Лицо Матушки изменилось в этот момент. Она прекратила рассказ, взор яркий скрыв. Даже она боялась смерти. Как своей, так и чужой. Но потом, вновь взглянув на меня, она успокоилась. Я волновался за неё, и волнение это вновь растопило её материнское сердце.

– «А вот… похоть…» - Матушка чуть рассмеялась, упомянув себе про самый сладкий грех из всех. – «Запретов в любви не существует, мой мальчик».

«Это как?» - ответа этого я не понял абсолютно. Что позволяют себе Даемоны? Я хотел знать истину… и истину эту скрывала Матушка в губах своих. Она прижала моё беспомощное тело руками. Схватила меня и подтянула к себе, коснувшись моего носа своим. А потом, как только краски моего удивления и стыда разгорелись вновь - Матушка коснулась моих губ своими, и этими нежными, мягкими, словно шёлк, губами… она целовала меня. Целовала губы мои. Аккуратно и неспешно, прикрыв глаза от наслаждения.

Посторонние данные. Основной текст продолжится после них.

Lemma is_derive_cos_term n (t : R) x : is_derive t 1 (cos_term n ^~ x) (cos_term n.+1 t x).
Proof.
set C := Pi x * xj x ^+ n; set c := dotkx k x + n%:R * (pi / 2).
have -> : cos_term n ^~ x = cst C * (cos \o (fun s => s * xj x + c)) by [].
apply: is_derive_eq (is_deriveM (is_derive_cst C t 1)
  (is_derive_comp (is_derive_affine t (xj x) c) (is_derive_cos _))) _.
rewrite /GRing.scale /= mulr0 addr0 /cos_term exprS.
have -> : t * xj x + (dotkx k x + n.+1%:R * (pi / 2)) = t * xj x + c + pi / 2.
  by rewrite /c -natr1; ring.
by rewrite cosDpihalf /C; ring.
Qed.

Lemma is_derive_boxsum_cos_term n N (t : R) :
  is_derive t 1 (fun s => boxsum N (cos_term n s)) (boxsum N (cos_term n.+1 t)).
Proof.
rewrite /boxsum -fct_sumE.
elim/big_ind2 : _ => // [|f1 df1 f2 df2 h1 h2|y _]; [exact: is_derive_cst | exact: is_deriveD |].
exact: is_derive_cos_term.
Qed.

Variables (M : nat) (BM : R).
Hypothesis moment_M : forall N, boxsum N (moment_weight M) <= BM.

(* Off the origin [|x| >= 1], so the lower moments are dominated by the [M]-th one. *)
Lemma moment_weight_le n x : (n <= M)%N ->
  moment_weight n x <= moment_weight M x + (if [forall i, x i == 0] then `|Pi x| else 0).
Proof.
rewrite /moment_weight => nM; case: ifP => [/forallP x0|/negbT].
  have -> : znorm R x = 0 by rewrite /znorm big1 ?sqrtr0 // => i _; rewrite (eqP (x0 i)) expr0n.
  rewrite expr0n; apply: (@le_trans _ _ `|Pi x|).
    by case: (n == 0)%N; rewrite ?mul1r ?mul0r.
  by rewrite lerDr mulr_ge0 // exprn_ge0.
rewrite negb_forall => /existsP [i xi0]; rewrite addr0 ler_wpM2r //.
by rewrite ler_weXn2l // (znorm_ge1 _ _ xi0).
Qed.

Lemma boxsum_at_origin N :
  boxsum N (fun x : zpt d => if [forall i, x i == 0] then `|Pi x| else 0) = `|Pi zpt0|.
Proof.
pose y0 : {ffun 'I_d -> 'I_(N.*2.+1)} := [ffun => inord N].
have y0E i : (y0 i : nat) = N by rewrite ffunE inordK // ltnS -addnn leq_addr.
have boxpt_y0 : boxpt y0 = zpt0 by apply: funext => i; rewrite /boxpt /zpt0 y0E subrr.
rewrite /boxsum -big_mkcond /= (big_pred1 y0) ?boxpt_y0 // => y /=.
apply/forallP/eqP => [y_0|->]; last by move=> i; rewrite boxpt_y0.
apply/ffunP => i; apply/val_inj; rewrite /= y0E.
by have := y_0 i; rewrite /boxpt => /eqP; lia.
Qed.

Lemma boxsum_moment_weight_le n N : (n <= M)%N ->
  boxsum N (moment_weight n) <= BM + `|Pi zpt0|.
Proof.
move=> nM; apply: le_trans (_ : boxsum N (fun x => moment_weight M x +
  (if [forall i, x i == 0] then `|Pi x| else 0)) <= _).
  by apply: ler_sum => y _; exact: moment_weight_le.
by rewrite boxsumD boxsum_at_origin lerD2r.
Qed.

Lemma moment_weight_summable n : (n <= M)%N -> box_summable (moment_weight n).
Proof. by move=> nM; exists (BM + `|Pi zpt0|) => N; exact: boxsum_moment_weight_le. Qed.

Lemma norm_hatPi_deriv_le n t : (n <= M)%N -> `|hatPi_deriv n t| <= BM + `|Pi zpt0|.
Proof.
move=> nM; apply: (boxsum_dom_lim_bound (G := moment_weight n)) => [x|N].
  exact: norm_cos_term_le.
exact: boxsum_moment_weight_le.
Qed.

(* Termwise differentiation: the tails of the moment series of order [n+1]
   control both the difference quotients and the derivatives of the partial sums. *)
Lemma is_derive_hatPi_deriv n (t : R) : (n < M)%N ->
  is_derive t 1 (hatPi_deriv n) (hatPi_deriv n.+1 t).
Proof.
move=> nM; have SG := moment_weight_summable nM.
have cvg_term s : cvgn (fun N => boxsum N (cos_term n s)).
  exact: boxsum_dom_cvg (norm_cos_term_le n s) (moment_weight_summable (ltnW nM)).
pose T N := limn (fun N => boxsum N (moment_weight n.+1)) - boxsum N (moment_weight n.+1).
apply: (@is_derive_of_approx _ _ _ _ (fun N s => boxsum N (cos_term n s))
  (fun N => boxsum N (cos_term n.+1 t)) (fun N => T N + T N)) => [||N s].
- by rewrite -[0]addr0; apply: cvgD; exact: boxsum_tail_cvg0 (@moment_weight_ge0 _) SG.
- by move=> N; exact: is_derive_boxsum_cos_term.
have diff_lim : hatPi_deriv n s - hatPi_deriv n t =
    limn (fun N => boxsum N (fun x => cos_term n s x - cos_term n t x)).
  apply/esym/cvg_lim => //; under eq_fun do rewrite boxsumB.
  exact: cvgB (cvg_term s) (cvg_term t).
have tail_diff : `|(hatPi_deriv n s - hatPi_deriv n t)
    - (boxsum N (cos_term n s) - boxsum N (cos_term n t))| <= `|s - t| * T N.
  rewrite diff_lim -boxsumB.
  exact: boxsum_dom_tailZ (normr_ge0 _) (dist_cos_term_le n s t) (@moment_weight_ge0 _) SG.
have tail_deriv : `|hatPi_deriv n.+1 t - boxsum N (cos_term n.+1 t)| <= T N.
  exact: boxsum_dom_tail (norm_cos_term_le n.+1 t) SG.
rewrite [X in `|X| <= _](_ : _ = (hatPi_deriv n s - hatPi_deriv n t
    - (boxsum N (cos_term n s) - boxsum N (cos_term n t)))
    - (s - t) * (hatPi_deriv n.+1 t - boxsum N (cos_term n.+1 t))); last by ring.
rewrite (le_trans (ler_normB _ _)) // normrM mulrDl lerD //; first by rewrite mulrC.
by rewrite [leRHS]mulrC; apply: ler_wpM2l.
Qed.

Lemma norm_hatPi_deriv1_le B2 : (forall N, boxsum N (moment_weight 2) <= B2) ->
  `|hatPi_deriv 1 0| <= d%:R * rnorm k * B2.
Proof.
move=> moment_2.
apply: (boxsum_dom_lim_bound (G := fun x => d%:R * rnorm k * moment_weight 2 x)) => [x|N].
  rewrite /cos_term expr1 mul0r add0r mul1r cosDpihalf !normrM normrN.
  rewrite [leRHS](_ : _ = `|Pi x| * (znorm R x * (d%:R * (rnorm k * znorm R x)))); last first.
    by rewrite /moment_weight; ring.
  rewrite -mulrA ler_wpM2l // ler_pM ?ler_coord_znorm //.
  exact: le_trans (ler_norm_sin _) (ler_norm_dotkx _ _).
by rewrite boxsumZ ler_wpM2l ?mulr_ge0 ?rnorm_ge0.
Qed.

Lemma along_hatPi : along (hatPi Pi) k j = hatPi_deriv 0.
Proof.
apply: funext => t; rewrite /along /hatPi /hatPi_deriv.
suff -> : (fun x => Pi x * cos (dotkx (fun i => k i + (if i == j then t else 0)) x))
  = cos_term 0 t by [].
apply: funext => x; rewrite /cos_term expr0 mulr1 mul0r addr0 /dotkx.
under eq_bigr do rewrite mulrDl.
rewrite big_split /= addrC (bigD1 j) //= eqxx big1 ?addr0 // => i /negbTE ->.
by rewrite mul0r.
Qed.

End FourierAlongLine.

Section HatDAlongLine.
Variables (R : realType) (d : nat) (k : 'I_d -> R) (j : 'I_d).
Hypothesis d_gt0 : (0 < d)%N.

Let cos_others : R := \sum_(i | i != j) cos (k i).

Definition hatD_deriv (n : nat) (t : R) : R :=
  d%:R^-1 * ((if n == 0%N then cos_others else 0) + cos (t + (k j + n%:R * (pi / 2)))).

Lemma along_hatD : along (@hatD R d) k j = hatD_deriv 0.
Proof.
apply: funext => t; rewrite /along /hatD /hatD_deriv /=; congr (_ * _).
rewrite (bigD1 j) //= eqxx mul0r !addr0 addrC [k j + t]addrC; congr (_ + _).
by apply: eq_bigr => i /negbTE ->; rewrite addr0.
Qed.

Lemma is_derive_hatD_deriv n (t : R) : is_derive t 1 (hatD_deriv n) (hatD_deriv n.+1 t).
Proof.
set c := k j + n%:R * (pi / 2); set C : R := if n == 0%N then cos_others else 0.
have -> : hatD_deriv n = cst d%:R^-1 * (cst C + (cos \o (fun s => s * 1 + c))).
  by apply: funext => s; rewrite /hatD_deriv !fctE /= mulr1.
apply: is_derive_eq (is_deriveM (is_derive_cst _ t 1) (is_deriveD (is_derive_cst C t 1)
  (is_derive_comp (is_derive_affine t 1 c) (is_derive_cos _)))) _.
rewrite /GRing.scale /= mulr0 addr0 add0r /hatD_deriv /= add0r mulr1.
have -> : t + (k j + n.+1%:R * (pi / 2)) = t + c + pi / 2 by rewrite /c -natr1; ring.
by rewrite cosDpihalf mulr1.
Qed.

Lemma norm_hatD_deriv_le n : `|hatD_deriv n 0| <= 2.
Proof.
have d_pos : 0 < d%:R :> R by rewrite ltr0n.
rewrite /hatD_deriv normrM ger0_norm ?invr_ge0 ?ler0n // ler_pdivrMl //.
rewrite (le_trans (ler_normD _ _)) // (_ : d%:R * 2 = d%:R + d%:R); last by ring.
rewrite lerD // ?(le_trans (cos_max _)) ?ler1n //.
case: (n == 0%N); rewrite ?normr0 // (le_trans (ler_norm_sum _ _ _)) //.
rewrite (le_trans (ler_sum _ (fun i _ => cos_max (k i)))) //.
by rewrite sumr_const ler_nat (leq_trans (max_card _)) // card_ord.
Qed.

Lemma norm_hatD_deriv1_le : `|hatD_deriv 1 0| <= rnorm k.
Proof.
rewrite /hatD_deriv /= add0r mul1r add0r cosDpihalf normrM normrN.
rewrite ger0_norm ?invr_ge0 ?ler0n // -[leRHS]mul1r ler_pM ?invr_ge0 ?ler0n //.
  by rewrite invf_le1 ?ltr0n // ler1n.
exact: le_trans (ler_norm_sin _) (ler_coord_rnorm _ _).
Qed.

End HatDAlongLine.

Section LaceProfiles.
Variables (R : realType) (d : nat) (k : 'I_d -> R) (j : 'I_d) (D : R) (m : nat).
Hypotheses (k_gt0 : 0 < rnorm k) (k_le_D : rnorm k <= D) (D_ge1 : 1 <= D) (m_gt0 : (0 < m)%N).

Lemma even_bound_along_hatD : (0 < d)%N ->
  even_bound (rnorm k) (2 * D ^+ m) m (along (@hatD R d) k j).
Proof.
move=> d_gt0; rewrite along_hatD; apply: even_bound_of_derivs => //.
- by move=> n _ t; exact: is_derive_hatD_deriv.
- exact: norm_hatD_deriv_le.
- by rewrite (le_trans (norm_hatD_deriv1_le _ _ d_gt0)) // ler_peMl ?rnorm_ge0 ?ler1n.
- by move=> n _; exact: norm_hatD_deriv_le.
Qed.

Lemma even_bound_along_hatPi (Pi : zpt d -> R) (M : nat) (BM B2 : R) : (m <= M)%N ->
  (forall N, boxsum N (moment_weight Pi M) <= BM) ->
  (forall N, boxsum N (moment_weight Pi 2) <= B2) ->
  even_bound (rnorm k) ((BM + `|Pi zpt0| + d%:R * B2) * D ^+ m) m (along (hatPi Pi) k j).
Proof.
move=> mM moment_M moment_2.
have hatPi_le n : (n <= M)%N -> `|hatPi_deriv Pi k j n 0| <= BM + `|Pi zpt0|.
  by move=> nM; have := norm_hatPi_deriv_le k j moment_M 0 nM.
have B2_ge0 : 0 <= B2.
  by rewrite (le_trans _ (moment_2 0%N)) // sumr_ge0 // => y _; exact: moment_weight_ge0.
rewrite along_hatPi; apply: even_bound_of_derivs => //.
- by move=> n nm t; exact: is_derive_hatPi_deriv moment_M _ _ (leq_trans nm mM).
- by rewrite (le_trans (hatPi_le _ (leq0n _))) // lerDl mulr_ge0.
- rewrite (le_trans (norm_hatPi_deriv1_le _ _ moment_2)) // [_ * rnorm k * _]mulrAC.
  by rewrite ler_pM2r // lerDr (le_trans (normr_ge0 _) (hatPi_le _ (leq0n _))).
- move=> n /andP[_ nm].
  by rewrite (le_trans (hatPi_le _ (leq_trans nm mM))) // lerDl mulr_ge0.
Qed.

End LaceProfiles.

Lemma lace_common_form (R : realType) (d : nat) (Pi : zpt d -> R) (p : R)
    (J g : ('I_d -> R) -> R) :
  ((forall k, J k = 2 * d%:R * p * hatD k + hatPi Pi k /\ g k = 1)
   \/ (forall k, J k = 2 * d%:R * p * hatD k * (1 + hatPi Pi k) /\ g k = 1 + hatPi Pi k)
   \/ (exists G0 : R, 0 < G0 /\
         forall k, J k = 2 * d%:R * p * hatD k * (G0 + hatPi Pi k) /\ g k = G0 + hatPi Pi k)) ->
  exists a b l u : R, forall k,
    J k = a * hatD k * (b + l * hatPi Pi k) + u * hatPi Pi k /\ g k = b + l * hatPi Pi k.
Proof.
case=> [Jg|[Jg|[G0 [_ Jg]]]]; exists (2 * d%:R * p).
- by exists 1, 0, 1 => k; have [-> ->] := Jg k; split; ring.
- by exists 1, 1, 0 => k; have [-> ->] := Jg k; split; ring.
- by exists G0, 1, 0 => k; have [-> ->] := Jg k; split; ring.
Qed.

Section Frequencies.
Variables (R : realType) (d : nat).

Lemma rnorm_gt0 (k : 'I_d -> R) : k <> @zerok R d -> 0 < rnorm k.
Proof.
move=> k_neq0; rewrite sqrtr_gt0 lt_neqAle eq_sym sumr_ge0 ?andbT => [|i _]; last exact: sqr_ge0.
apply: contra_notN k_neq0 => /eqP /psumr_eq0P k0; apply: funext => i.
by apply/eqP; rewrite -sqrf_eq0 k0 // => l _; exact: sqr_ge0.
Qed.

Lemma rnorm_le_torus (k : 'I_d -> R) : in_torus k -> rnorm k <= 1 + d%:R * pi ^+ 2.
Proof.
move=> k_torus; have k2 : rnorm k ^+ 2 <= d%:R * pi ^+ 2.
  rewrite sqr_sqrtr ?sumr_ge0 // => [|i _]; last exact: sqr_ge0.
  have -> : d%:R * pi ^+ 2 = \sum_(i < d) pi ^+ 2 :> R.
    by rewrite sumr_const card_ord mulr_natl.
  rewrite ler_sum // => i _.
  by have /andP[lo hi] := k_torus i; nra.
have := rnorm_ge0 k; nra.
Qed.

Lemma along0 (f : ('I_d -> R) -> R) k j : along f k j 0 = f k.
Proof. by rewrite /along; congr f; apply: funext => i; case: ifP; rewrite addr0. Qed.

End Frequencies.

Unset Implicit Arguments. Set Strict Implicit.

Theorem lemma4p1 (R : realType) (d : nat) (Pi : zpt d -> R) (p : R)
  (J g : ('I_d -> R) -> R) (M : nat) :
  (3 <= d)%N ->
  Zd_symmetric Pi ->
  moment_finite 2 Pi ->
  0 < p ->
  ((forall k, J k = 2 * d%:R * p * hatD k + hatPi Pi k /\ g k = 1)
   \/ (forall k, J k = 2 * d%:R * p * hatD k * (1 + hatPi Pi k) /\ g k = 1 + hatPi Pi k)
   \/ (exists G0 : R, 0 < G0 /\
         forall k, J k = 2 * d%:R * p * hatD k * (G0 + hatPi Pi k) /\ g k = G0 + hatPi Pi k)) ->
  J (@zerok R d) = 1 ->
  (exists c1 : R, 0 < c1 /\
     forall k, in_torus k -> J (@zerok R d) - J k >= c1 * rnorm k ^+ 2) ->
  (0 < M)%N ->
  moment_finite M Pi ->
  let hatG := fun k => g k / (1 - J k) in
  forall m : nat, (1 <= m <= M)%N -> forall j : 'I_d,
    exists c : R, forall k : 'I_d -> R, in_torus k -> k <> @zerok R d ->
      @partialn_exists R d m hatG k j /\
      `| @partialn R d m hatG k j | <= c / rnorm k ^+ (2 + m).
Proof.
move=> d3 _ [B2 moment_2] _ cases J0 [c1 [c1_gt0 J_gap]] _ [BM moment_M] hatG m.
move=> /andP[m_gt0 mM] j; have [a [b [l [u Jg]]]] := lace_common_form cases.
pose D : R := 1 + d%:R * pi ^+ 2.
have D_ge1 : 1 <= D by rewrite lerDl mulr_ge0 ?exprn_ge0 ?pi_ge0.
pose QD := 2 * D ^+ m; pose QP := (BM + `|Pi zpt0| + d%:R * B2) * D ^+ m.
pose Kg := `|b| + `|l| * QP; pose Kv := 1 + (even_mul_const D m (`|a| * QD) Kg + `|u| * QP).
exists (2 ^+ m * (Kg * (D * D) * inv_const c1 Kv m)) => k k_torus k_neq0.
have k_gt0 := rnorm_gt0 k_neq0; have k_le_D := rnorm_le_torus k_torus.
have bD := even_bound_along_hatD j k_gt0 k_le_D D_ge1 m_gt0 (ltnW (ltnW d3)).
have bP := even_bound_along_hatPi j k_gt0 k_le_D D_ge1 m_gt0 mM moment_M moment_2.
have [bg bv] := even_bound_lace k_gt0 k_le_D D_ge1 a b l u bD bP.
have g_line : along g k j = fun t => b + l * along (hatPi Pi) k j t.
  by apply: funext => t; rewrite /along (Jg _).2.
have J_line : (fun t => 1 - along J k j t) = fun t => 1 - (a * along (@hatD R d) k j t
    * (b + l * along (hatPi Pi) k j t) + u * along (hatPi Pi) k j t).
  by apply: funext => t; rewrite /along (Jg _).1.
rewrite -g_line -J_line in bg bv.
have gap : c1 * rnorm k ^+ 2 <= `|1 - along J k j 0|.
  by rewrite along0 -J0 (le_trans (J_gap k k_torus)) ?ler_norm.
have bG : deriv_bound (rnorm k) (2 ^+ m * (Kg * (D * D) * inv_const c1 Kv m)) m (-2)
    (along hatG k j) := deriv_bound_div k_gt0 k_le_D D_ge1 c1_gt0 bg bv gap.
split; first by move=> i im; exact: deriv_bound_derivable bG i im.
have := deriv_bound_derive1n k_gt0 (leqnn m) bG.
by rewrite (_ : -2 - m%:Z = - (2 + m)%N%:Z) ?exprnN //; lia.
Qed.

Кротким и нежным были поцелуи эти, но они воистину заставили меня взглянуть на Матушку Мику иначе. Мурашками покрыться от рук нежных. Задрожать от стыда дикого. Её кончик хвоста чуть защекотал мой бок, скрывшись спустя мгновение, и Матушка вновь широко улыбнулась, чуть рассмеявшись. И произнесла она мне шёпотом, в мочку уха поцеловав:

- «Стеснением покрываются только те, что скрывают любовь свою, моя малютка. А стыдятся только те, кому есть чем поделиться… или показать. Мне же скрывать нечего. Нам, Даемонам, нечего скрывать».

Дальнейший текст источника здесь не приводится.